**What to do:** Scan the data, and whenever a line contains "have", copy it.

======== Information supplied ========

Lemma code_rcons s k : code (rcons s k) = mmul (code s) (mcode k%:Z).
Proof. by rewrite -cats1 code_cat code1. Qed.

Lemma code_sl2p ks : sl2p (code ks).
Proof. exact: word_mat_sl2p. Qed.

Lemma code_det ks : det (code ks) = 1.
Proof. exact: word_mat_det. Qed.

Lemma mcode_det (k : nat) : det (mcode k%:Z) = 1.
Proof. by rewrite mcode_word word_mat_det. Qed.

Lemma head_code_words ks : head true (code_words ks).
Proof. by case: ks. Qed.

Lemma ur_code ks : ur (code ks).
Proof. exact/ur_word_mat/head_code_words. Qed.

Lemma nseq_false_split k u v z : u ++ v = nseq k false ++ z ->
  head true v -> head true z -> exists2 u', u = nseq k false ++ u' & u' ++ v = z.
Proof.
elim: k u => [|k IH] [|c u] /=.
- by move=> <-; exists [::].
- by move=> <-; exists (c :: u).
- by move=> ->.
by case=> -> uv v_ur z_ur; have [u' -> u'v] := IH u uv v_ur z_ur; exists u'.
Qed.

Lemma code_words_split ks u v : u ++ v = code_words ks -> head true v ->
  exists s t, ks = s ++ t /\ u = code_words s.
Proof.
elim: ks u => [|k ks IH] [|b u] uv v_ur; try by exists [::], [::].
- by exists [::], (k :: ks).
case: uv => -> /nseq_false_split/(_ v_ur (head_code_words ks)) [u' -> /IH/(_ v_ur)].
by case=> [s [t [-> ->]]]; exists (k :: s), t.
Qed.

Lemma code_word_last_inj y y' n k : y ++ code_word n = y' ++ code_word k -> n = k.
Proof.
move/(congr1 rev); rewrite !rev_cat /code_word !rev_cons !rev_nseq.
by elim: n k => [|n IH] [|k] //= [] /IH ->.
Qed.

Lemma occ_code ks (a : M) (n : int) : sl2p a -> 0 <= n -> occ a n (code ks) ->
  exists s k t, [/\ ks = rcons s k ++ t, a = code (rcons s k) & n = k%:Z].
Proof.
move=> /word_mat_surj[u ->]; case: n => // n _ [[rest_nonneg _ ur_rest] [init_nonneg _ _]].
have [v vE] : exists v, mmul (minv (word_mat u)) (code ks) = word_mat v.
  by apply: nonneg_det1_word; rewrite // detM det_minv code_det word_mat_det.
have [y yE] : exists y, mmul (word_mat u) (minv (mcode n%:Z)) = word_mat y.
  by apply: nonneg_det1_word; rewrite // detM det_minv mcode_det word_mat_det.
have uv : u ++ v = code_words ks.
  by apply: word_mat_inj; rewrite word_mat_cat -vE mmulVK ?word_mat_det.
have uy : u = y ++ code_word n.
  by apply: word_mat_inj; rewrite word_mat_cat -yE -mcode_word mmulrVK // mcode_word word_mat_det.
move: ur_rest; rewrite vE => /ur_word_mat/(code_words_split uv)[s0 [t [ksE uE]]].
case/lastP: s0 ksE uE => [|s k] ksE uE; first by move: uE; rewrite uy; case: (y).
exists s, k, t; split=> //; first by rewrite /code -uE.
by move: uE; rewrite uy code_words_rcons => /code_word_last_inj ->.
Qed.

Lemma occ_code_prefix s k t : occ (code (rcons s k)) k%:Z (code (rcons s k ++ t)).
Proof.
have ur_mcode : ur (mcode k%:Z) by rewrite mcode_word; apply/ur_word_mat.
rewrite /occ /prec_iu /prec_eu /prec_i /prec_e code_cat mmulK ?code_det //.
rewrite [in mmul (code _) _]code_rcons mmulrK ?mcode_det //.
by split; split; solve [exact: word_mat_nonneg | exact: ur_code | done].
Qed.

Lemma code_le_cat s t : mle (code s) (code (s ++ t)).
Proof.
rewrite code_cat; have [? ?] := word_mat_diag (code_words t).
by apply: mle_mmulr => //; apply: word_mat_nonneg.
Qed.

Lemma code_neq_cat s t : t != [::] -> code s <> code (s ++ t).
Proof.
case: t => // k t _ /word_mat_inj/(congr1 size).
by rewrite code_words_cat size_cat -[X in X = _]addn0 => /addnI.
Qed.

End Words.

(** * Powers of a code matrix *)

Definition ent (R : realDomainType) (X : mat R) (i j : bool) : R :=
  match i, j with
  | false, false => m00 X | false, true => m01 X
  | true, false => m10 X | true, true => m11 X
  end.

Lemma ent_mmul (R : realDomainType) (X Y : mat R) i j :
  ent (mmul X Y) i j = ent X i false * ent Y false j + ent X i true * ent Y true j.
Proof. by case: i; case: j. Qed.

Lemma two_term_recurrence (K : fieldType) (e f : K) (s : nat -> K) : e != f ->
  (forall n, s n.+2 = (e + f) * s n.+1 - e * f * s n) ->
  forall n, s n = (s 1%N - f * s 0%N) / (e - f) * e ^+ n + (e * s 0%N - s 1%N) / (e - f) * f ^+ n.
Proof.
move=> e_neq_f rec; have ef_neq0 : e - f != 0 by rewrite subr_eq0.
pose closed n := (s 1%N - f * s 0%N) / (e - f) * e ^+ n + (e * s 0%N - s 1%N) / (e - f) * f ^+ n.
suff both n : s n = closed n /\ s n.+1 = closed n.+1 by move=> n; case: (both n).
elim: n => [|n [IHn IHn1]]; first by split; rewrite /closed ?expr0 ?expr1; field.
by split=> //; rewrite rec IHn IHn1 /closed !exprS; field.
Qed.

Lemma code_nseqS k n : code (nseq n.+1 k) = mmul (mcode k%:Z) (code (nseq n k)).
Proof. by rewrite -code1 -code_cat. Qed.

Lemma mcode_cayley_hamilton (k : nat) (Y : mat int) i j :
  ent (mmul (mcode k%:Z) (mmul (mcode k%:Z) Y)) i j =
  (k + 2)%:R * ent (mmul (mcode k%:Z) Y) i j - ent Y i j.
Proof. by rewrite !ent_mmul; case: i; case: j; rewrite /= natrD; ring. Qed.

Section Eigenvalue.
Local Notation RA := realalg.
Variable k : nat.
Hypothesis k_gt0 : (0 < k)%N.

Let t : RA := (k + 2)%:R.
(* The larger eigenvalue of [k]; the other one is its inverse. *)
Definition eig : RA := (t + Num.sqrt (t ^+ 2 - 4)) / 2.

Lemma eig_gt1 : 1 < eig.
Proof.
have t_ge3 : 3 <= t by rewrite /t ler_nat; lia.
have := sqrtr_ge0 (t ^+ 2 - 4); rewrite /eig ltr_pdivlMr ?ltr0n //; lra.
Qed.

========

**Answer to the exercise:**
by case=> -> uv v_ur z_ur; have [u' -> u'v] := IH u uv v_ur z_ur; exists u'.
have [v vE] : exists v, mmul (minv (word_mat u)) (code ks) = word_mat v.
have [y yE] : exists y, mmul (word_mat u) (minv (mcode n%:Z)) = word_mat y.
have uv : u ++ v = code_words ks.
have uy : u = y ++ code_word n.
have ur_mcode : ur (mcode k%:Z) by rewrite mcode_word; apply/ur_word_mat.
rewrite code_cat; have [? ?] := word_mat_diag (code_words t).
move=> e_neq_f rec; have ef_neq0 : e - f != 0 by rewrite subr_eq0.
have t_ge3 : 3 <= t by rewrite /t ler_nat; lia.
have := sqrtr_ge0 (t ^+ 2 - 4); rewrite /eig ltr_pdivlMr ?ltr0n //; lra.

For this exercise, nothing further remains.